Dataset entries:
------------------------------------------------------------

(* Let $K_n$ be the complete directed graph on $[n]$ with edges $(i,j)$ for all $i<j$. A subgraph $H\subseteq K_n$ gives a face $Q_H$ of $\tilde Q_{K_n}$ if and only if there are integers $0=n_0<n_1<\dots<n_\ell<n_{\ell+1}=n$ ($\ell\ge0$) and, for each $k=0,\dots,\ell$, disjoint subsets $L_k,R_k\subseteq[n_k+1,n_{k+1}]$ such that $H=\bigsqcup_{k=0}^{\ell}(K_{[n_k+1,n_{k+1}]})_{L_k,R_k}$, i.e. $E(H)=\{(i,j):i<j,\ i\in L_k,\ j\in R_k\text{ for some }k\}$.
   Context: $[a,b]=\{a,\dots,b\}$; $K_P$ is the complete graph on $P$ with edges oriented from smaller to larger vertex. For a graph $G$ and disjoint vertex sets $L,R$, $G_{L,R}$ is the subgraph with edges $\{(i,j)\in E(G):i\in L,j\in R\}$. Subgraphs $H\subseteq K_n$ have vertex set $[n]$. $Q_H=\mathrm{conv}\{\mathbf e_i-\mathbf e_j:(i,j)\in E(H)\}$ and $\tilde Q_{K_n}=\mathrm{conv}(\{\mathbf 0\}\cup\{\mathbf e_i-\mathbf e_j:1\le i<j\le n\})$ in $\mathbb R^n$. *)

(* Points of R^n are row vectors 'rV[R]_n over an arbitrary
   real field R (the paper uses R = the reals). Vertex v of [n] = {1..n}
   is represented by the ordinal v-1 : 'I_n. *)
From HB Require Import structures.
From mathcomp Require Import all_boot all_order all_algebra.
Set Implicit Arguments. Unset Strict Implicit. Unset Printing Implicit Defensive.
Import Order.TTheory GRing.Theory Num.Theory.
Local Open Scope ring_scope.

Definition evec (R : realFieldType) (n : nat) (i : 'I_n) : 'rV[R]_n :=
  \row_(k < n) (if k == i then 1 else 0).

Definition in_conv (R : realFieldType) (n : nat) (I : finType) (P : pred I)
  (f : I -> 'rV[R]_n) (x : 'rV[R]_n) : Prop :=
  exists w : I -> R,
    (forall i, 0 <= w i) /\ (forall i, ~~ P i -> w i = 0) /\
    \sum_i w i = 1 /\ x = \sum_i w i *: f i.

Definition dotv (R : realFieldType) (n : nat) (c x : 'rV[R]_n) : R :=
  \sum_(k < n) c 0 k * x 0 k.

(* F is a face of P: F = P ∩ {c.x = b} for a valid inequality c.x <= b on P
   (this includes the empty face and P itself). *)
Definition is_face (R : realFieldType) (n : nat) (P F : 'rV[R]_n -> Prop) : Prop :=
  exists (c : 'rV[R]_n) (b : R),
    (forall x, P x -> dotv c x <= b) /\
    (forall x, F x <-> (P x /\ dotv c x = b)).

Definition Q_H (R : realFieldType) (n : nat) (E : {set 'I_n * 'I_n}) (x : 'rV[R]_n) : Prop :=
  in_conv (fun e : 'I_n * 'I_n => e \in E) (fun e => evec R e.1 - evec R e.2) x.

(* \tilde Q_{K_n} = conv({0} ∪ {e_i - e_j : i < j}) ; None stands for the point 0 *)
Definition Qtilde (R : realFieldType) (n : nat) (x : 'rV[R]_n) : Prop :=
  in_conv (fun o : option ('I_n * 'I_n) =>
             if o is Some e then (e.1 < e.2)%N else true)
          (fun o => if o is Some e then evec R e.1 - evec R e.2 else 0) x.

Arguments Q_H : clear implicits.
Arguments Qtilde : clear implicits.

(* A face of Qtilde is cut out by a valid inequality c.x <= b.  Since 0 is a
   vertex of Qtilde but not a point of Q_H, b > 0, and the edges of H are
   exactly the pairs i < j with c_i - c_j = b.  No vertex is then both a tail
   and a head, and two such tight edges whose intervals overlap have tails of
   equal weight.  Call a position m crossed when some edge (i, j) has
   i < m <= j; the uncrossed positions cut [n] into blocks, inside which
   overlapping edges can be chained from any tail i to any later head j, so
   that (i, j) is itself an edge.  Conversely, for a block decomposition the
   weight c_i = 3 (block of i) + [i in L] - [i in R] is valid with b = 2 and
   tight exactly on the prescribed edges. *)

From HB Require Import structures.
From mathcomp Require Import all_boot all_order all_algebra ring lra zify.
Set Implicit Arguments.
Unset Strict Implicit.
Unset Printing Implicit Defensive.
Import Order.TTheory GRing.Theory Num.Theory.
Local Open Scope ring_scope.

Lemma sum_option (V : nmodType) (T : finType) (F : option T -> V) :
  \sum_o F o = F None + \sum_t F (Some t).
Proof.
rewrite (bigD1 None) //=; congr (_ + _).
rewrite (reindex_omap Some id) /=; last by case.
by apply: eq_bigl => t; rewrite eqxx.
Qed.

------------------------------------------------------------

- **How to complete this task**:
Copy each line of the entries exactly.

- **Answer to this task**:
(* Let $K_n$ be the complete directed graph on $[n]$ with edges $(i,j)$ for all $i<j$. A subgraph $H\subseteq K_n$ gives a face $Q_H$ of $\tilde Q_{K_n}$ if and only if there are integers $0=n_0<n_1<\dots<n_\ell<n_{\ell+1}=n$ ($\ell\ge0$) and, for each $k=0,\dots,\ell$, disjoint subsets $L_k,R_k\subseteq[n_k+1,n_{k+1}]$ such that $H=\bigsqcup_{k=0}^{\ell}(K_{[n_k+1,n_{k+1}]})_{L_k,R_k}$, i.e. $E(H)=\{(i,j):i<j,\ i\in L_k,\ j\in R_k\text{ for some }k\}$.
   Context: $[a,b]=\{a,\dots,b\}$; $K_P$ is the complete graph on $P$ with edges oriented from smaller to larger vertex. For a graph $G$ and disjoint vertex sets $L,R$, $G_{L,R}$ is the subgraph with edges $\{(i,j)\in E(G):i\in L,j\in R\}$. Subgraphs $H\subseteq K_n$ have vertex set $[n]$. $Q_H=\mathrm{conv}\{\mathbf e_i-\mathbf e_j:(i,j)\in E(H)\}$ and $\tilde Q_{K_n}=\mathrm{conv}(\{\mathbf 0\}\cup\{\mathbf e_i-\mathbf e_j:1\le i<j\le n\})$ in $\mathbb R^n$. *)

(* Points of R^n are row vectors 'rV[R]_n over an arbitrary
   real field R (the paper uses R = the reals). Vertex v of [n] = {1..n}
   is represented by the ordinal v-1 : 'I_n. *)
From HB Require Import structures.
From mathcomp Require Import all_boot all_order all_algebra.
Set Implicit Arguments. Unset Strict Implicit. Unset Printing Implicit Defensive.
Import Order.TTheory GRing.Theory Num.Theory.
Local Open Scope ring_scope.

Definition evec (R : realFieldType) (n : nat) (i : 'I_n) : 'rV[R]_n :=
  \row_(k < n) (if k == i then 1 else 0).

Definition in_conv (R : realFieldType) (n : nat) (I : finType) (P : pred I)
  (f : I -> 'rV[R]_n) (x : 'rV[R]_n) : Prop :=
  exists w : I -> R,
    (forall i, 0 <= w i) /\ (forall i, ~~ P i -> w i = 0) /\
    \sum_i w i = 1 /\ x = \sum_i w i *: f i.

Definition dotv (R : realFieldType) (n : nat) (c x : 'rV[R]_n) : R :=
  \sum_(k < n) c 0 k * x 0 k.

(* F is a face of P: F = P ∩ {c.x = b} for a valid inequality c.x <= b on P
   (this includes the empty face and P itself). *)
Definition is_face (R : realFieldType) (n : nat) (P F : 'rV[R]_n -> Prop) : Prop :=
  exists (c : 'rV[R]_n) (b : R),
    (forall x, P x -> dotv c x <= b) /\
    (forall x, F x <-> (P x /\ dotv c x = b)).

Definition Q_H (R : realFieldType) (n : nat) (E : {set 'I_n * 'I_n}) (x : 'rV[R]_n) : Prop :=
  in_conv (fun e : 'I_n * 'I_n => e \in E) (fun e => evec R e.1 - evec R e.2) x.

(* \tilde Q_{K_n} = conv({0} ∪ {e_i - e_j : i < j}) ; None stands for the point 0 *)
Definition Qtilde (R : realFieldType) (n : nat) (x : 'rV[R]_n) : Prop :=
  in_conv (fun o : option ('I_n * 'I_n) =>
             if o is Some e then (e.1 < e.2)%N else true)
          (fun o => if o is Some e then evec R e.1 - evec R e.2 else 0) x.

Arguments Q_H : clear implicits.
Arguments Qtilde : clear implicits.

(* A face of Qtilde is cut out by a valid inequality c.x <= b.  Since 0 is a
   vertex of Qtilde but not a point of Q_H, b > 0, and the edges of H are
   exactly the pairs i < j with c_i - c_j = b.  No vertex is then both a tail
   and a head, and two such tight edges whose intervals overlap have tails of
   equal weight.  Call a position m crossed when some edge (i, j) has
   i < m <= j; the uncrossed positions cut [n] into blocks, inside which
   overlapping edges can be chained from any tail i to any later head j, so
   that (i, j) is itself an edge.  Conversely, for a block decomposition the
   weight c_i = 3 (block of i) + [i in L] - [i in R] is valid with b = 2 and
   tight exactly on the prescribed edges. *)

From HB Require Import structures.
From mathcomp Require Import all_boot all_order all_algebra ring lra zify.
Set Implicit Arguments.
Unset Strict Implicit.
Unset Printing Implicit Defensive.
Import Order.TTheory GRing.Theory Num.Theory.
Local Open Scope ring_scope.

Lemma sum_option (V : nmodType) (T : finType) (F : option T -> V) :
  \sum_o F o = F None + \sum_t F (Some t).
Proof.
rewrite (bigD1 None) //=; congr (_ + _).
rewrite (reindex_omap Some id) /=; last by case.
by apply: eq_bigl => t; rewrite eqxx.
Qed.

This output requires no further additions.